My mouth hangs open as I put two and two together. “You didn’t. ”

Erik blushes. “I told you that I learned your language from books that summer visitors left behind. I find more every year. That is one of my favorites.”

He smiles as I dig through the bag, pulling out book after book, although no more that I recognize as my own.

It’s a whole library of old Harlequin romances, some dating back as far as the 60’s, with cheesy titles like Crimes of the Vicar and Vivian’s Secret.

I want to read them right now.

“Erik, this is amazing! You,” I look up at him, at a loss for words. Taking in the mix of old and new, of hunter-gatherer know-how combined with his present-day resourcefulness. “You’re incredible.”

A shadow passes behind his eyes. He looks away, the smile fading from his lips as if I’d just insulted him. “No, Lillian. I just didn’t want to leave you with nothing to do.”
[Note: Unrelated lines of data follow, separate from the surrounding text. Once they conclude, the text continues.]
(* Let $X=\mathbb{R}^{\mathcal N}$ with the Euclidean inner product $\langle u,v\rangle=u^t v$. Let $\mathcal P\subset\mathbb{R}^p$ and let $\mu$ be a random variable with values in $\mathcal P$. For each $\mu\in\mathcal P$ let $A(\mu)$ be an invertible $\mathcal N\times\mathcal N$ matrix and $f(\mu)\in X$, let $l\in X$, and let $Z$ be an $\mathcal N\times n$ matrix such that $Z^tA(\mu)Z$ is invertible for every $\mu$. Let $u(\mu)$ solve $A(\mu)u(\mu)=f(\mu)$, let $\widetilde u(\mu)$ solve $Z^tA(\mu)Z\,\widetilde u(\mu)=Z^tf(\mu)$, and set $s(\mu)=\langle l,u(\mu)\rangle$, $\widetilde s(\mu)=\langle l,Z\widetilde u(\mu)\rangle$, $r(\mu)=A(\mu)Z\widetilde u(\mu)-f(\mu)$, $w(\mu)=A(\mu)^{-t}l$. Let $\Phi=\{\phi_1,\dots,\phi_{\mathcal N}\}$ be any orthonormal basis of $X$ (with the convention $\phi_i=0$ for $i>\mathcal N$), and let $\{\mathcal P_1,\dots,\mathcal P_K\}$ be a partition of $\mathcal P$; for $\mu\in\mathcal P$ let $k(\mu)$ be the unique $k$ with $\mu\in\mathcal P_k$. Let $N\in\mathbb{N}^*$. For $i=1,\dots,N$ put $D_i(\mu,\Phi)=\langle w(\mu),\phi_i\rangle$, and for $k=1,\dots,K$ put $\beta^{min}_{i,k}(\Phi)=\min_{\mu\in\mathcal P_k}D_i(\mu,\Phi)$ and $\beta^{max}_{i,k}(\Phi)=\max_{\mu\in\mathcal P_k}D_i(\mu,\Phi)$ (assumed to exist). Define $\beta_i^{up}(\mu,\Phi)=\beta^{max}_{i,k(\mu)}(\Phi)$ if $\langle r(\mu),\phi_i\rangle>0$ and $\beta^{min}_{i,k(\mu)}(\Phi)$ otherwise; and $\beta_i^{low}(\mu,\Phi)=\beta^{min}_{i,k(\mu)}(\Phi)$ if $\langle r(\mu),\phi_i\rangle>0$ and $\beta^{max}_{i,k(\mu)}(\Phi)$ otherwise. Set $T_1^{low}(\mu,N,\Phi)=\sum_{i=1}^N\langle r(\mu),\phi_i\rangle\beta_i^{low}(\mu,\Phi)$, $T_1^{up}(\mu,N,\Phi)=\sum_{i=1}^N\langle r(\mu),\phi_i\rangle\beta_i^{up}(\mu,\Phi)$, $T_1(\mu,N,\Phi)=\max(|T_1^{low}(\mu,N,\Phi)|,|T_1^{up}(\mu,N,\Phi)|)$, and $T_2(N,\Phi)=\mathbf{E}_\mu\left(\left|\sum_{i>N}\langle w(\mu),\phi_i\rangle\langle r(\mu),\phi_i\rangle\right|\right)$ (assumed finite). Then for every $\alpha\in\,]0,1[$ and every $N\in\mathbb{N}^*$, $$P\left(|s(\mu)-\widetilde s(\mu)|>T_1(\mu,N,\Phi)+\frac{T_2(N,\Phi)}{\alpha}\right)\le\alpha.$$
   Context: All maps of $\mu$ involved are assumed measurable so that the probability and expectation make sense; the probability and expectation are with respect to the distribution of the random parameter $\mu$. $M^t$ denotes the transpose of a matrix $M$ and $A(\mu)^{-t}$ the inverse of the transpose. *)

From mathcomp Require Import all_boot all_order all_algebra.
From mathcomp Require Import all_classical all_reals all_analysis.
Set Implicit Arguments. Unset Strict Implicit. Unset Printing Implicit Defensive.
Import Order.TTheory GRing.Theory Num.Theory.
Local Open Scope ring_scope.
Local Open Scope classical_set_scope.

Section RB.
Variable R : realType.

Definition ip (m : nat) (u v : 'cV[R]_m) : R := (u^T *m v) ord0 ord0.

(* phi_i extended by 0 for indices >= Nn (0-based indexing: paper's phi_{i+1}) *)
Definition phiext (m : nat) (phi : 'I_m -> 'cV[R]_m) (i : nat) : 'cV[R]_m :=
  oapp phi 0 (insub i).

Variables (Nn n : nat) (Par : Type).
Variables (A : Par -> 'M[R]_Nn) (f : Par -> 'cV[R]_Nn) (l : 'cV[R]_Nn)
          (Z : 'M[R]_(Nn, n)).

Definition usol (mu : Par) : 'cV[R]_Nn := invmx (A mu) *m f mu.
Definition ured (mu : Par) : 'cV[R]_n := invmx (Z^T *m A mu *m Z) *m (Z^T *m f mu).
Definition sout (mu : Par) : R := ip l (usol mu).
Definition sred (mu : Par) : R := ip l (Z *m ured mu).
Definition resid (mu : Par) : 'cV[R]_Nn := A mu *m Z *m ured mu - f mu.
Definition wdual (mu : Par) : 'cV[R]_Nn := invmx ((A mu)^T) *m l.

Variables (phi : 'I_Nn -> 'cV[R]_Nn) (K : nat) (Pk : 'I_K -> set Par)
          (kf : Par -> 'I_K).

Definition Dcoef (i : nat) (mu : Par) : R := ip (wdual mu) (phiext phi i).
Definition betamin (i : nat) (k : 'I_K) : R := inf [set Dcoef i mu | mu in Pk k].
Definition betamax (i : nat) (k : 'I_K) : R := sup [set Dcoef i mu | mu in Pk k].

Definition beta_up (i : nat) (mu : Par) : R :=
  if 0 < ip (resid mu) (phiext phi i) then betamax i (kf mu) else betamin i (kf mu).
Definition beta_low (i : nat) (mu : Par) : R :=
  if 0 < ip (resid mu) (phiext phi i) then betamin i (kf mu) else betamax i (kf mu).

Definition T1low (mu : Par) (N : nat) : R :=
  \sum_(0 <= i < N) ip (resid mu) (phiext phi i) * beta_low i mu.
Definition T1up (mu : Par) (N : nat) : R :=
  \sum_(0 <= i < N) ip (resid mu) (phiext phi i) * beta_up i mu.
Definition T1 (mu : Par) (N : nat) : R := Num.max `|T1low mu N| `|T1up mu N|.

(* sum_{i > N} <w,phi_i><r,phi_i> (paper 1-based); finite since phi_i = 0 for i > Nn *)
Definition tailsum (mu : Par) (N : nat) : R :=
  \sum_(N <= i < maxn N Nn) ip (wdual mu) (phiext phi i) * ip (resid mu) (phiext phi i).

End RB.

(** The primal–dual identity [s - s~ = - <w, r>] and Parseval's identity in the
    basis [Phi] split the output error into a head [sum_(i < N) <w,phi_i><r,phi_i>]
    and a tail.  In the head each dual coefficient [<w,phi_i>] lies between
    [beta^min] and [beta^max] on the cell of [mu], so choosing the bound according to
    the sign of [<r,phi_i>] squeezes the head between [T1^low] and [T1^up], whence its
    modulus is at most [T1].  The event [|s - s~| > T1 + T2/alpha] is therefore
    contained in the event [|tail| > T2/alpha], whose probability is at most [alpha]
    by Markov's inequality, [T2] being the mean of [|tail|]. *)

From mathcomp Require Import all_boot all_order all_algebra.
From mathcomp Require Import all_classical all_reals all_analysis measurable_realfun.
Set Implicit Arguments. Unset Strict Implicit. Unset Printing Implicit Defensive.
Import Order.TTheory GRing.Theory Num.Theory.
Local Open Scope ring_scope.
Local Open Scope classical_set_scope.

Section InnerProduct.
Variables (R : realType) (m : nat).
Implicit Types u v : 'cV[R]_m.

Lemma ipE u v : ip u v = \sum_a u a ord0 * v a ord0.
Proof. by rewrite /ip mxE; apply: eq_bigr => a _; rewrite mxE. Qed.

Lemma ipr0 u : ip u 0 = 0.
Proof. by rewrite ipE big1 // => a _; rewrite mxE mulr0. Qed.

Variable phi : 'I_m -> 'cV[R]_m.

Lemma ip_parseval u v :
  (forall i j, ip (phi i) (phi j) = (i == j)%:R) ->
  ip u v = \sum_i ip u (phi i) * ip v (phi i).
Proof.
move=> phi_on; pose P : 'M[R]_m := \matrix_(a, j) phi j a ord0.
have PtP : P^T *m P = 1%:M.
  by apply/matrixP => i j; rewrite !mxE -phi_on ipE; apply: eq_bigr => a _; rewrite !mxE.
have -> : ip u v = ip u (P *m P^T *m v) by rewrite (mulmx1C PtP) mul1mx.
rewrite /ip -(mulmxA P) mulmxA [in LHS]mxE; apply: eq_bigr => j _.
congr (_ * _); rewrite !mxE; apply: eq_bigr => a _; rewrite !mxE //.
by rewrite mulrC.
Qed.

Lemma phiext_ord (i : 'I_m) : phiext phi i = phi i.
Proof. by rewrite /phiext valK. Qed.

Lemma phiext_out (i : nat) : (m <= i)%N -> phiext phi i = 0.
Proof. by move=> h; rewrite /phiext insubN // -leqNgt. Qed.

Lemma sum_phiext_split (F : 'cV[R]_m -> R) (N : nat) : F 0 = 0 ->
  \sum_(i < m) F (phi i) =
  \sum_(0 <= i < N) F (phiext phi i) + \sum_(N <= i < maxn N m) F (phiext phi i).
Proof.
move=> F0; rewrite -big_cat_nat ?leq_maxl // (big_cat_nat _ (n := m)) ?leq_maxr //=.
rewrite [X in _ = _ + X]big_nat_cond [X in _ = _ + X]big1 ?addr0; last first.
  by move=> i /andP[/andP[mi _] _]; rewrite phiext_out.
by rewrite big_mkord; apply: eq_bigr => i _; rewrite phiext_ord.
Qed.

End InnerProduct.

Lemma sout_sub_sred (R : realType) Nn n Par (A : Par -> 'M[R]_Nn) f l
    (Z : 'M[R]_(Nn, n)) m :
  A m \in unitmx -> sout A f l m - sred A f l Z m = - ip (wdual A l m) (resid A f Z m).
Proof.
move=> uA; rewrite /sout /sred /wdual /resid /ip /usol.
by rewrite trmx_mul -trmx_inv trmxK mulmxBr -!mulmxA mulKmx // !mxE opprB.
Qed.

Lemma mulr_between_by_sign (R : realDomainType) (c lo x hi : R) :
  lo <= x -> x <= hi ->
  c * (if 0 < c then lo else hi) <= c * x <= c * (if 0 < c then hi else lo).
Proof.
move=> lox xhi; case: ifP => [/ltW c0|/negbT]; first by rewrite !ler_wpM2l.
by rewrite -leNgt => c0; rewrite !ler_wnM2l.
Qed.

Lemma norm_le_max_between (R : realDomainType) (lo x hi : R) :
  lo <= x -> x <= hi -> `|x| <= Num.max `|lo| `|hi|.
Proof.
move=> lox xhi; rewrite le_max; have [x0|x0] := leP 0 x.
  by rewrite ger0_norm // (le_trans xhi (ler_norm _)) orbT.
by rewrite ltr0_norm // ler_normr lerN2 lox orbT.
Qed.

Section DeterministicBound.
Variables (R : realType) (Nn n : nat) (Par : Type).
Variables (A : Par -> 'M[R]_Nn) (f : Par -> 'cV[R]_Nn) (l : 'cV[R]_Nn)
          (Z : 'M[R]_(Nn, n)).
Variables (phi : 'I_Nn -> 'cV[R]_Nn) (K : nat) (Pk : 'I_K -> set Par)
          (kf : Par -> 'I_K) (N : nat).

Local Notation D := (Dcoef A l phi).

Hypothesis min_attained : forall (i : nat) (k : 'I_K), (i < N)%N ->
  exists2 m0, Pk k m0 & forall m, Pk k m -> D i m0 <= D i m.
Hypothesis max_attained : forall (i : nat) (k : 'I_K), (i < N)%N ->
  exists2 m0, Pk k m0 & forall m, Pk k m -> D i m <= D i m0.

Lemma betamin_le_Dcoef i k m : (i < N)%N -> Pk k m -> betamin A l phi Pk i k <= D i m.
Proof.
move=> iN Pkm; apply: ge_inf; last by exists m.
by have [m0 _ Hm0] := min_attained k iN; exists (D i m0) => _ [x Px <-]; exact: Hm0.
Qed.

Lemma Dcoef_le_betamax i k m : (i < N)%N -> Pk k m -> D i m <= betamax A l phi Pk i k.
Proof.
move=> iN Pkm; apply: ub_le_sup; last by exists m.
by have [m0 _ Hm0] := max_attained k iN; exists (D i m0) => _ [x Px <-]; exact: Hm0.
Qed.

Lemma T1_bounds_head m : Pk (kf m) m ->
  let head := \sum_(0 <= i < N) D i m * ip (resid A f Z m) (phiext phi i) in
  T1low A f l Z phi Pk kf m N <= head <= T1up A f l Z phi Pk kf m N.
Proof.
move=> Pm /=.
have termwise i : (0 <= i < N)%N ->
    ip (resid A f Z m) (phiext phi i) * beta_low A f l Z phi Pk kf i m
    <= D i m * ip (resid A f Z m) (phiext phi i)
    <= ip (resid A f Z m) (phiext phi i) * beta_up A f l Z phi Pk kf i m.
  move=> /andP[_ iN]; rewrite [D i m * _]mulrC /beta_low /beta_up.
  exact: mulr_between_by_sign (betamin_le_Dcoef iN Pm) (Dcoef_le_betamax iN Pm).
by apply/andP; split; apply: ler_sum_nat => i /termwise /andP[].
Qed.

Lemma output_error_le_T1_tail m : A m \in unitmx ->
  (forall i j, ip (phi i) (phi j) = (i == j)%:R) -> Pk (kf m) m ->
  `|sout A f l m - sred A f l Z m|
    <= T1 A f l Z phi Pk kf m N + `|tailsum A f l Z phi m N|.
Proof.
move=> uA phi_on Pm.
rewrite sout_sub_sred // normrN (ip_parseval _ _ phi_on).
rewrite (@sum_phiext_split _ _ _ (fun v => ip (wdual A l m) v * ip (resid A f Z m) v) N);
  last by rewrite ipr0 mul0r.
apply: (le_trans (ler_normD _ _)); rewrite lerD2r.
by have /andP[lo hi] := T1_bounds_head Pm; exact: norm_le_max_between lo hi.
Qed.

End DeterministicBound.

Lemma measurable_ltr_set d (T : measurableType d) (R : realType) (g h : T -> R) :
  measurable_fun setT g -> measurable_fun setT h -> measurable [set x | g x < h x].
Proof.
move=> mg mh; rewrite -[X in measurable X]setTI.
under eq_set do rewrite -lte_fin.
by apply: measurable_lte => //; exact/measurable_EFinP.
Qed.

Lemma measurable_ler_set d (T : measurableType d) (R : realType) (g h : T -> R) :
  measurable_fun setT g -> measurable_fun setT h -> measurable [set x | g x <= h x].
Proof.
move=> mg mh; rewrite -[X in measurable X]setTI.
under eq_set do rewrite -lee_fin.
by apply: measurable_lee => //; exact/measurable_EFinP.
Qed.

Section Markov.
Context d (T : measurableType d) (R : realType) (P : probability T R).
Variable X : T -> R.
Hypotheses (X_ge0 : forall w, 0 <= X w)
           (X_int : P.-integrable setT (fun w => (X w)%:E)).

Local Notation mean := (fine (\int[P]_w (X w)%:E)).

Let mXE : measurable_fun setT (fun w => (X w)%:E).
Proof. exact: measurable_int X_int. Qed.
Let mX : measurable_fun setT X. Proof. exact/measurable_EFinP. Qed.

Let integral_absE : (\int[P]_w `|(X w)%:E| = mean%:E)%E.
Proof.
rewrite fineK; last exact: integrable_fin_num.
by apply: eq_integral => w _; rewrite gee0_abs // lee_fin.
Qed.

Lemma prob_gt0_mean0 : mean = 0 -> P [set w | 0 < X w] = 0%E.
Proof.
move=> mean0; have /ae_eq_integral_abs : (\int[P]_w `|(X w)%:E| = 0)%E.
  by rewrite integral_absE mean0.
move=> /(_ measurableT mXE) [M [mM PM0 XM]]; apply/eqP; rewrite -measure_le0 -PM0.
apply: le_measure; rewrite ?inE //; first exact: measurable_ltr_set.
by move=> w /= Xw; apply: XM => /(_ I) [] /eqP; rewrite gt_eqF.
Qed.

Lemma prob_ge_le_mean c : 0 < c -> (c%:E * P [set w | (c <= X w)%R] <= mean%:E)%E.
Proof.
move=> c0; rewrite -integral_absE.
apply: le_trans (le_integral_abse P measurableT mXE c0); rewrite setTI.
suff -> : [set w | (c <= X w)%R] = [set w | c%:E <= `|(X w)%:E|]%E by [].
by apply/seteqP; split => w /=; rewrite lee_fin ger0_norm.
Qed.

Lemma prob_gt_mean_div_le alpha : 0 < alpha ->
  (P [set w | (mean / alpha < X w)%R] <= alpha%:E)%E.
Proof.
move=> alpha0; have mean_ge0 : 0 <= mean.
  by rewrite fine_ge0 // integral_ge0 // => w _; rewrite lee_fin.
(* The event is strict, so a vanishing mean needs [X = 0] a.e. rather than Markov. *)
have [mean0|mean_gt0] := eqVneq mean 0.
  by rewrite mean0 mul0r prob_gt0_mean0 // lee_fin ltW.
have c0 : 0 < mean / alpha by rewrite divr_gt0 // lt_neqAle eq_sym mean_gt0.
rewrite -(@lee_pmul2l _ (mean / alpha)%:E) ?lte_fin //.
rewrite -EFinM divfK ?gt_eqF //; apply: le_trans (prob_ge_le_mean c0).
apply: lee_wpmul2l; first by rewrite lee_fin ltW.
apply: le_measure; rewrite ?inE.
- exact: measurable_ltr_set.
- exact: measurable_ler_set.
- by move=> w /= /ltW.
Qed.

End Markov.

Theorem theorem1 (R : realType) (d : measure_display) (T : measurableType d)
  (Prob : probability T R)
  (Nn n p : nat) (Pset : set 'cV[R]_p) (mu : T -> 'cV[R]_p)
  (A : 'cV[R]_p -> 'M[R]_Nn) (f : 'cV[R]_p -> 'cV[R]_Nn) (l : 'cV[R]_Nn)
  (Z : 'M[R]_(Nn, n))
  (phi : 'I_Nn -> 'cV[R]_Nn) (K : nat) (Pk : 'I_K -> set 'cV[R]_p)
  (kf : 'cV[R]_p -> 'I_K) (N : nat) (alpha : R) :
  (forall w, Pset (mu w)) ->
  (forall m, Pset m -> A m \in unitmx) ->
  (forall m, Pset m -> Z^T *m A m *m Z \in unitmx) ->
  (forall i j : 'I_Nn, ip (phi i) (phi j) = (i == j)%:R) ->
  (forall k, Pk k `<=` Pset) ->
  (forall k k', k != k' -> Pk k `&` Pk k' = set0) ->
  (forall m, Pset m -> Pk (kf m) m) ->
  (forall (i : nat) (k : 'I_K), (i < N)%N ->
     exists2 m0, Pk k m0 & forall m, Pk k m -> Dcoef A l phi i m0 <= Dcoef A l phi i m) ->
  (forall (i : nat) (k : 'I_K), (i < N)%N ->
     exists2 m0, Pk k m0 & forall m, Pk k m -> Dcoef A l phi i m <= Dcoef A l phi i m0) ->
  measurable_fun setT (fun w => `|sout A f l (mu w) - sred A f l Z (mu w)|) ->
  measurable_fun setT (fun w => T1 A f l Z phi Pk kf (mu w) N) ->
  Prob.-integrable setT (fun w => (`|tailsum A f l Z phi (mu w) N|)%:E) ->
  0 < alpha < 1 -> (0 < N)%N ->
  (Prob [set w | (`|sout A f l (mu w) - sred A f l Z (mu w)| >
                T1 A f l Z phi Pk kf (mu w) N +
                fine (\int[Prob]_w (`|tailsum A f l Z phi (mu w) N|)%:E) / alpha)%R]
    <= alpha%:E)%E.
Proof.
move=> Pmu uA _ phi_on _ _ Pkf min_att max_att m_err m_T1 tail_int /andP[alpha0 _] _.
apply: le_trans (prob_gt_mean_div_le _ tail_int alpha0); last by move=> w.
have m_tail : measurable_fun setT (fun w => `|tailsum A f l Z phi (mu w) N|).
  exact/measurable_EFinP/(measurable_int _ tail_int).
apply: le_measure; rewrite ?inE.
- by apply: measurable_ltr_set => //; apply: measurable_funD.
- exact: measurable_ltr_set.
move=> w /= err_gt; rewrite -(ltrD2l (T1 A f l Z phi Pk kf (mu w) N)).
by apply: lt_le_trans err_gt _; apply: output_error_le_T1_tail; auto.
Qed.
My heart sinks. “You’re leaving?”

“I will be back with dinner. But I need to gather more supplies. And it is best if I stay away. The monster is quieter on land, but his voice still rings in my head. Now that you are safe, it is best if I do not put you in more danger.”

“Erik, you’re not–”

“Enjoy the books. I will be back with dinner in the evening.” He hovers for a second at the doorway, his hand twitching at his side, before he nods once and turns to leave. “Goodbye.”

Stunned, I watch him go. It’s only when my stomach growls that I’m reminded I have breakfast waiting for me.

Breakfast, and a fuckton of paperbacks.

“Well at least these hunks won’t leave me with blueballs,” I mutter, stuffing a forkfull of fish into my mouth and cracking the spine on Vivian’s Secret.